*** Opening of Available data ***

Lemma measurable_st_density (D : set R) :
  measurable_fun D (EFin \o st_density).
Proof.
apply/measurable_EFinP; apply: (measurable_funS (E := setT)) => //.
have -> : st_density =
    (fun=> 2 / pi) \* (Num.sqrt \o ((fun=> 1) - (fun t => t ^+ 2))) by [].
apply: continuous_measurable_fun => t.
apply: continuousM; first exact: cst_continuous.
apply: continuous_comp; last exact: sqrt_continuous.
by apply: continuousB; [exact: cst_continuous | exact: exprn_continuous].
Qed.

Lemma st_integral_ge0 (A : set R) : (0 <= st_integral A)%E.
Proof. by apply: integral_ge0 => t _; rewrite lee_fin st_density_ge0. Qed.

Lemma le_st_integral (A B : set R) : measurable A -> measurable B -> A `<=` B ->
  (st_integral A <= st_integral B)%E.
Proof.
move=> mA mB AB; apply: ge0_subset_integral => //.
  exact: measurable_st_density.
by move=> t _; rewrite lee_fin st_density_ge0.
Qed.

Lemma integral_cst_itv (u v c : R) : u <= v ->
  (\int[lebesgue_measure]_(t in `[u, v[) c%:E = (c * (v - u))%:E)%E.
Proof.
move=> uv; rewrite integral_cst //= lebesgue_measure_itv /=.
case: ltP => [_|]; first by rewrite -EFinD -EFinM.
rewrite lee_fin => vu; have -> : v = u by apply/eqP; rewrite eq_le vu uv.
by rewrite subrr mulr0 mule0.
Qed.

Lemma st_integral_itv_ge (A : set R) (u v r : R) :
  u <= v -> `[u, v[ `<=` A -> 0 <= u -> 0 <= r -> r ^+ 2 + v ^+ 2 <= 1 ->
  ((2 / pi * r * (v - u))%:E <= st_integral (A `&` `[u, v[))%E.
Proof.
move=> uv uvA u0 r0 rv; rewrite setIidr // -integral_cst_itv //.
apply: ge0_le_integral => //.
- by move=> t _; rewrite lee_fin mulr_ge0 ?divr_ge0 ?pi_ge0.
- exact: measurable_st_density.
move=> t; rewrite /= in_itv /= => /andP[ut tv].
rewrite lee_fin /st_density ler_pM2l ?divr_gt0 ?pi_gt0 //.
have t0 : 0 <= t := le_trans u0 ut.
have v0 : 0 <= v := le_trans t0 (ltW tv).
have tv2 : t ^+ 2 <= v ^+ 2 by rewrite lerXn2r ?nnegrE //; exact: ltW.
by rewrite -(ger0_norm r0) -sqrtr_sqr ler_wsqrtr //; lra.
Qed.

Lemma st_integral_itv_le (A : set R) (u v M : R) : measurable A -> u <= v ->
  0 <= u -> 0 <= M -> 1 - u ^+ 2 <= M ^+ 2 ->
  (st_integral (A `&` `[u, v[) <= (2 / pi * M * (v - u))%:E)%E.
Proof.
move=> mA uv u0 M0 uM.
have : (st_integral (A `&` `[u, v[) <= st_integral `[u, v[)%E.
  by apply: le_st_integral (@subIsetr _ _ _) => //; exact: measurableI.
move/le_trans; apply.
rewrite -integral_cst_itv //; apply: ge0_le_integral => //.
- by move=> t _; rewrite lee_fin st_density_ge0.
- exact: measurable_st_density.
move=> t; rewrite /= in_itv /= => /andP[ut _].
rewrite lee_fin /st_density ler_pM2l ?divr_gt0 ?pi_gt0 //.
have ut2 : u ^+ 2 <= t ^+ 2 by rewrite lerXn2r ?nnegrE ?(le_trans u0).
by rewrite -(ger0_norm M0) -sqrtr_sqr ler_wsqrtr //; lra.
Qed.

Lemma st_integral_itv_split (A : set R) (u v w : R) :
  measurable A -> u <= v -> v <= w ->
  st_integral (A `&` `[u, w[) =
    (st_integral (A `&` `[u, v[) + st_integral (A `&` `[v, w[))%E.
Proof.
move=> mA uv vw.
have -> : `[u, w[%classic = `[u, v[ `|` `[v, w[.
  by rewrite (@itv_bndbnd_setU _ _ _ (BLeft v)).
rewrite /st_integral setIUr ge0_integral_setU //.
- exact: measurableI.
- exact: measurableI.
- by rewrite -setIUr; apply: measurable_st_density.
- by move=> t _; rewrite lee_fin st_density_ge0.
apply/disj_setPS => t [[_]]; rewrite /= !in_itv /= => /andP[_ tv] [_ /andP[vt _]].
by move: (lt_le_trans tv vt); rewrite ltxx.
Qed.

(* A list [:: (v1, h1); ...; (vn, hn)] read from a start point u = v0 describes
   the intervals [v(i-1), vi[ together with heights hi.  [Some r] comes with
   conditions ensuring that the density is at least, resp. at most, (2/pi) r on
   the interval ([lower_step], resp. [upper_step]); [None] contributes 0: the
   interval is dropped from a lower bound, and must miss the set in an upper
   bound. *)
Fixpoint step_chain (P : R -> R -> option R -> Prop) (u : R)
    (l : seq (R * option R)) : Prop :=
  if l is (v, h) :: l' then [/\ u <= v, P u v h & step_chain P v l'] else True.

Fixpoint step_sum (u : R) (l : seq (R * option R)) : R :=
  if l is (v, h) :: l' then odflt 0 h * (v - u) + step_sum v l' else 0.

*** Close of Available data ***

■ Directions: Using the records given above, list every line that includes the word "option".

■ Exercise output:
Fixpoint step_chain (P : R -> R -> option R -> Prop) (u : R)
    (l : seq (R * option R)) : Prop :=
Fixpoint step_sum (u : R) (l : seq (R * option R)) : R :=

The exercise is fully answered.